Activity. Reproduce verbatim the lines of the material below, starting at the line with "assert (Hkf : far" and ending at the line with "Section Fibre.", both inclusive; skip the rest.

Provided data.
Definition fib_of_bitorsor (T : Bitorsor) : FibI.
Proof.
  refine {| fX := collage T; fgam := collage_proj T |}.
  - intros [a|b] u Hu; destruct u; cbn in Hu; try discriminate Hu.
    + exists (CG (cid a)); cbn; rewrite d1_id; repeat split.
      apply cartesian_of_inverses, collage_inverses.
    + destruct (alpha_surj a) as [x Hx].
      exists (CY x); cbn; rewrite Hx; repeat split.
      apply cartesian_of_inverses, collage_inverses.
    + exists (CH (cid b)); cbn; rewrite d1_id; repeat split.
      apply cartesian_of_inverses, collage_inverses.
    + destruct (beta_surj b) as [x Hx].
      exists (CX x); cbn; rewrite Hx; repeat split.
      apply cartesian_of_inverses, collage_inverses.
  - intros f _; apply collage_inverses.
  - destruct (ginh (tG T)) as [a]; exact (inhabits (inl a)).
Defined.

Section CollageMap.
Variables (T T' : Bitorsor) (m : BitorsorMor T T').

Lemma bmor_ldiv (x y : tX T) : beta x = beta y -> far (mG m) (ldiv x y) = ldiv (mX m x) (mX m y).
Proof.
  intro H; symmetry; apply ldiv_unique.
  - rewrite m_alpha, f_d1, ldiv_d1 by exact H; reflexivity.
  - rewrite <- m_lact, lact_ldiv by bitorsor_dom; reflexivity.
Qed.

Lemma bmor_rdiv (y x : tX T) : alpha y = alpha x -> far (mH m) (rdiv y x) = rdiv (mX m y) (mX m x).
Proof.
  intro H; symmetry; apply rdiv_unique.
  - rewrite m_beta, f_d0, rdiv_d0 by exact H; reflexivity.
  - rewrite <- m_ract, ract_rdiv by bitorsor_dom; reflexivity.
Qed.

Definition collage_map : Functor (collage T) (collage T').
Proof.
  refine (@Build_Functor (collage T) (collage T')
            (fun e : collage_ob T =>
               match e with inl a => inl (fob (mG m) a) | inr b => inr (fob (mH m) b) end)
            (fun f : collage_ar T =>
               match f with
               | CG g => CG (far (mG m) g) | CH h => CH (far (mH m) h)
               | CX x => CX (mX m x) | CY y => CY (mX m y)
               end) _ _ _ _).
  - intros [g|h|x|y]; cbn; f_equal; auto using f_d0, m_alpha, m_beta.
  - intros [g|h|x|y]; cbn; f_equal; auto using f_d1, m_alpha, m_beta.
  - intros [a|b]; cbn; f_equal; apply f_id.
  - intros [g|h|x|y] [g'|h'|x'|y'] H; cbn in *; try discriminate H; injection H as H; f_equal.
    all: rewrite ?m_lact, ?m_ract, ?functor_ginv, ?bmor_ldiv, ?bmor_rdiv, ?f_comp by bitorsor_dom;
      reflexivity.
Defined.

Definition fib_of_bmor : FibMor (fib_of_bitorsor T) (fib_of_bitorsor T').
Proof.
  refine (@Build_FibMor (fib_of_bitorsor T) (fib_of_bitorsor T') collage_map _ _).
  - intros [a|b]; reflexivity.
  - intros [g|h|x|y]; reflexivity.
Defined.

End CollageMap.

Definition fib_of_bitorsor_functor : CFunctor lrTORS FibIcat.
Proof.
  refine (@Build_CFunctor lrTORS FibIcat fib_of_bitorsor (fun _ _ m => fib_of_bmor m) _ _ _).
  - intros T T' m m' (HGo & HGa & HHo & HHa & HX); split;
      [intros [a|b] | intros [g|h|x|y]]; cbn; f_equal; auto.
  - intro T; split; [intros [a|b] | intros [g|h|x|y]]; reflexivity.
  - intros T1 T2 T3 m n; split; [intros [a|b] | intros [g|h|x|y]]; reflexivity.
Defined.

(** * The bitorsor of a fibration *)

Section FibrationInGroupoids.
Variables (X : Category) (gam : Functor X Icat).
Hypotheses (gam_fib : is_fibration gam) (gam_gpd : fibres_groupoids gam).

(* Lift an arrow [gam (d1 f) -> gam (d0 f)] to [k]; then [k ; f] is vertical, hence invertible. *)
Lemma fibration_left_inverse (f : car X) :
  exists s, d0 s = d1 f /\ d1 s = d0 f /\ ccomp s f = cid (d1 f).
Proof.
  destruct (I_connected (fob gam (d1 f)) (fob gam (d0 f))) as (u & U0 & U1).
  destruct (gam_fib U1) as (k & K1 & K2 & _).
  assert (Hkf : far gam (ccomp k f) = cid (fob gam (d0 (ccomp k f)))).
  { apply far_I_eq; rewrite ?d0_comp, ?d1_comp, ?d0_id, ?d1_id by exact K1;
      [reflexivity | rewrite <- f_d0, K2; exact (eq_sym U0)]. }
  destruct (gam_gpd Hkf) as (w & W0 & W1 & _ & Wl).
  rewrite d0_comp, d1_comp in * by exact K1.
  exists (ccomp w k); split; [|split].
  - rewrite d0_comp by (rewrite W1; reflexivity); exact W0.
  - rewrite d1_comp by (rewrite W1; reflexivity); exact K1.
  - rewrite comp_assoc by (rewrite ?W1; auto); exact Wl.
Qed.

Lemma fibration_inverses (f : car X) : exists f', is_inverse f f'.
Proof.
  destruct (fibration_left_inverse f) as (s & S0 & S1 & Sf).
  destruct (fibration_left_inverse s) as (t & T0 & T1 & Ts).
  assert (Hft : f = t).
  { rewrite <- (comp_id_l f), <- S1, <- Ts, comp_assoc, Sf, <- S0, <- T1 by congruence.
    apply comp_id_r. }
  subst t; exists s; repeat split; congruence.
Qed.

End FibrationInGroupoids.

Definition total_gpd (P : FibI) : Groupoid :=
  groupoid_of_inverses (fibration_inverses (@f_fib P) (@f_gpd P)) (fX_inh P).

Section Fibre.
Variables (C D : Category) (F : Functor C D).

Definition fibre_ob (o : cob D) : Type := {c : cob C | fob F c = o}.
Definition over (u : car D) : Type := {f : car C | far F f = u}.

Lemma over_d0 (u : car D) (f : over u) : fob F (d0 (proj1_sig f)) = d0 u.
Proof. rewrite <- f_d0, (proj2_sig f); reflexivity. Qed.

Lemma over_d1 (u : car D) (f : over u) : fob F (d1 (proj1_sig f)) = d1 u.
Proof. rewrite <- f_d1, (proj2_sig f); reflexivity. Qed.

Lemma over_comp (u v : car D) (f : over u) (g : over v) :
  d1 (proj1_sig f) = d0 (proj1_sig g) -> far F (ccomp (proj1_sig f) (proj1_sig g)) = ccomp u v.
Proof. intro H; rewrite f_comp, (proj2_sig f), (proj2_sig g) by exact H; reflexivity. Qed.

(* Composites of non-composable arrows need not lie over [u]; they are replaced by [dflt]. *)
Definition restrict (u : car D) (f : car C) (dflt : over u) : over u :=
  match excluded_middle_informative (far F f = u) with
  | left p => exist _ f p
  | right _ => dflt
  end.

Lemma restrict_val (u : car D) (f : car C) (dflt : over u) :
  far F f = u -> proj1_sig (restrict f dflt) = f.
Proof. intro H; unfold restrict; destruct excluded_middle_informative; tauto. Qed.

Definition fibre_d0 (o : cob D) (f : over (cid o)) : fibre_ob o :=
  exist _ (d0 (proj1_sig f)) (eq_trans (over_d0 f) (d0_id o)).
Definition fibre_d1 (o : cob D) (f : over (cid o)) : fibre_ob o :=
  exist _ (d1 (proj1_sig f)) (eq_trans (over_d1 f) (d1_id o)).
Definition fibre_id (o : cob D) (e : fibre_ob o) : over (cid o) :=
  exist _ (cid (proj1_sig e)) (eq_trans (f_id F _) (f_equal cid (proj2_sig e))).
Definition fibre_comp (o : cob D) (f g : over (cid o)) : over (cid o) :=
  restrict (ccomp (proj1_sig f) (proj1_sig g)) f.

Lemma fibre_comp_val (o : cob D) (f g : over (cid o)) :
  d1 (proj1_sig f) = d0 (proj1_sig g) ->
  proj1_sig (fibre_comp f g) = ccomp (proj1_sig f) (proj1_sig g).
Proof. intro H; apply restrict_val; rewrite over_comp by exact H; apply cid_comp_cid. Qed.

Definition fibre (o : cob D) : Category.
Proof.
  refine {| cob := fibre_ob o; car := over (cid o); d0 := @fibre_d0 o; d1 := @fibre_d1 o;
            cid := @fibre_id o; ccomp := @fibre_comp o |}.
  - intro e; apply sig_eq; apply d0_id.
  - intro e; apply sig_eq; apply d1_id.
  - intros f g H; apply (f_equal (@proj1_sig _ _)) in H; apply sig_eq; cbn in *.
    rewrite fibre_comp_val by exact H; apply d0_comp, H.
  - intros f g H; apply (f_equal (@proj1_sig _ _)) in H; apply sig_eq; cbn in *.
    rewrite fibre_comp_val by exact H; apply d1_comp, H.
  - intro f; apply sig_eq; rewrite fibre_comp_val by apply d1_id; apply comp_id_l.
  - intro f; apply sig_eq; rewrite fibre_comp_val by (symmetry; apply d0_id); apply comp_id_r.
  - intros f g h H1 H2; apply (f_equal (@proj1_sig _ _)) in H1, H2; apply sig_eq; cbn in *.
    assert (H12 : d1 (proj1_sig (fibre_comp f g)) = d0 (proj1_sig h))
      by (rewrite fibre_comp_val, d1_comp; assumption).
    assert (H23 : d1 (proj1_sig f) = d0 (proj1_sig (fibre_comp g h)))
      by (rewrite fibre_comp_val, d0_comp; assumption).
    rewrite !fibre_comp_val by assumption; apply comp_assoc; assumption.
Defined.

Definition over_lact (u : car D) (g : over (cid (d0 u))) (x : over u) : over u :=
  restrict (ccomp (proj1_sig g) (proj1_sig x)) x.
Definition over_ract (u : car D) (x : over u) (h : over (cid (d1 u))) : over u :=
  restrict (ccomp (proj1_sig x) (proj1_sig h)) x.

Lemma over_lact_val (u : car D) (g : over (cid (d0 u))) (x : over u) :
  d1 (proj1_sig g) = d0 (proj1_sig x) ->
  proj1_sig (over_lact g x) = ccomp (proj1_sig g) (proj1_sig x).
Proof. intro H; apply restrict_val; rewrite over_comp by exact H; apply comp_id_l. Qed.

Solution.
  assert (Hkf : far gam (ccomp k f) = cid (fob gam (d0 (ccomp k f)))).
  { apply far_I_eq; rewrite ?d0_comp, ?d1_comp, ?d0_id, ?d1_id by exact K1;
      [reflexivity | rewrite <- f_d0, K2; exact (eq_sym U0)]. }
  destruct (gam_gpd Hkf) as (w & W0 & W1 & _ & Wl).
  rewrite d0_comp, d1_comp in * by exact K1.
  exists (ccomp w k); split; [|split].
  - rewrite d0_comp by (rewrite W1; reflexivity); exact W0.
  - rewrite d1_comp by (rewrite W1; reflexivity); exact K1.
  - rewrite comp_assoc by (rewrite ?W1; auto); exact Wl.
Qed.

Lemma fibration_inverses (f : car X) : exists f', is_inverse f f'.
Proof.
  destruct (fibration_left_inverse f) as (s & S0 & S1 & Sf).
  destruct (fibration_left_inverse s) as (t & T0 & T1 & Ts).
  assert (Hft : f = t).
  { rewrite <- (comp_id_l f), <- S1, <- Ts, comp_assoc, Sf, <- S0, <- T1 by congruence.
    apply comp_id_r. }
  subst t; exists s; repeat split; congruence.
Qed.

End FibrationInGroupoids.

Definition total_gpd (P : FibI) : Groupoid :=
  groupoid_of_inverses (fibration_inverses (@f_fib P) (@f_gpd P)) (fX_inh P).

Section Fibre.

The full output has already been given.